Lumrahnya, pidato tersebut berisi permintaan serta permohonan maaf kepada masyarakat apabila almarhum atau almarhumah melakukan kesalahan selama hidupnya. Selain permintaan maaf, tokoh agama juga menanyakan terkait hutang piutang yang meninggal dunia kepada seluruh warga yang datang, untuk selanjutnya dapat diselesaikan dengan keluarga atau ahli waris. Hal ini bertujuan agar jenazah tidak mendapatkan siksa yang pedih dan penuh derita gara-gara hutang atau kesalahan yang telah diperbuat selama hidupnya.
Dalam pelaksanaanya, yang pertama dilakukan dalam brobosan adalah keranda atau peti mati akan digotong dibawa keluar menuju halaman rumah jenazah.

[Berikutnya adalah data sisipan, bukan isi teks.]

Lemma borel_open (O : T -> Prop) : mopen X O -> borel X O.
Proof. intros hO S _ hop. exact (hop O hO). Qed.

Lemma borel_True : borel X (fun _ => True).
Proof. intros S [h _] _. exact h. Qed.

Lemma borel_compl {A : T -> Prop} : borel X A -> borel X (fun x => ~ A x).
Proof. intros hA S hS hO. apply (proj1 (proj2 hS)), hA; assumption. Qed.

Lemma borel_union {A B : T -> Prop} : borel X A -> borel X B -> borel X (fun x => A x \/ B x).
Proof.
  intros hA hB S hS hO. pose proof hS as [_ [_ h3]].
  set (F := fun n : nat => match n with O => A | _ => B end).
  replace (fun x => A x \/ B x) with (fun x => exists n, F n x).
  - apply h3. intros [|n]; simpl; [apply hA | apply hB]; assumption.
  - apply pred_ext. intro x. split.
    + intros [[|n] H]; simpl in H; auto.
    + intros [H|H]; [exists O | exists 1%nat]; exact H.
Qed.

Lemma borel_ext (A B : T -> Prop) : (forall x, A x <-> B x) -> borel X A -> borel X B.
Proof. intros H. now rewrite (pred_ext A B H). Qed.

Lemma borel_inter {A B : T -> Prop} : borel X A -> borel X B -> borel X (fun x => A x /\ B x).
Proof.
  intros hA hB. apply (borel_ext (fun x => ~ (~ A x \/ ~ B x))).
  - intro x. tauto.
  - apply borel_compl, borel_union; apply borel_compl; assumption.
Qed.

Lemma borel_False : borel X (fun _ => False).
Proof. apply (borel_ext (fun _ => ~ True)); [tauto | apply borel_compl, borel_True]. Qed.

Setelah itu baru peti mati atau keranda akan diangkat tinggi-tinggi oleh empat atau enam orang yang menggotong.
Selanjutnya, para keluarga atau ahli waris yang ditinggalkan akan melewati dibawah keranda atau peti mati. Hal tersebut dimulai dari anak laki-laki tertua, anak perempuan, cucu laki-laki, adan cucu perempuan saling bergantian mengikuti keluarga tertua.
Praktik itu dilakukan searah jarum jam, dimulai dari sebelah kanan jenazah. Setelah itu belok kiri menuju kepala dan terakhir masuk lagi dari sebelah kanan jenazah. Hal itu dilakukan berulang-ulang sebanyak tiga atau tujuh kali putaran.
Apabila semua keluarga sudah melaksanakan brobosan, selanjutnya jenazah akan langsung diberangkatkan ke pemakaman. Dalam barisan pertama terdisi dari perwakilan keluarga yang berduka membawa sapu lidi dan lampu pelita.
Sapu lidi digunakan untuk menyapu halaman yakni tujuh langkah dari tempat awal pemberangkatan jenazah. Sapu lidi dan lampu digunakan sebagai simbol harapan agar jenazah tidak mendapat hambatan dan terang menuju alam akhirat.
Selanjutnya, keluarga jenazah juga melakukan tambahan praktik tradisi yang dinamakan tradisi sawur. Dalam ritual ini, pihak keluarga mencampurkan bunga tujuh rupa, beras putih dan beras kuning serta uang. Sawur ini akan ditabur di atas keranda dari pemberangkatan sampai di pemakaman agar meninggalkan jejak harum.
Sawur yang berisikan campuran bunga tujuh rupa dimaksudkan selain mengharumkan pada saat pemberangkatan sekaligus agar para malaikat turut mengiringi kepergian jenazah. Sedangkan uang dan beras dimaksudkan sebagai bekal dalam perjalanan masih sangat panjang serta menjadi wujud banyaknya kemurahan yang menyertai setiap jengkal perjalanan jenazah.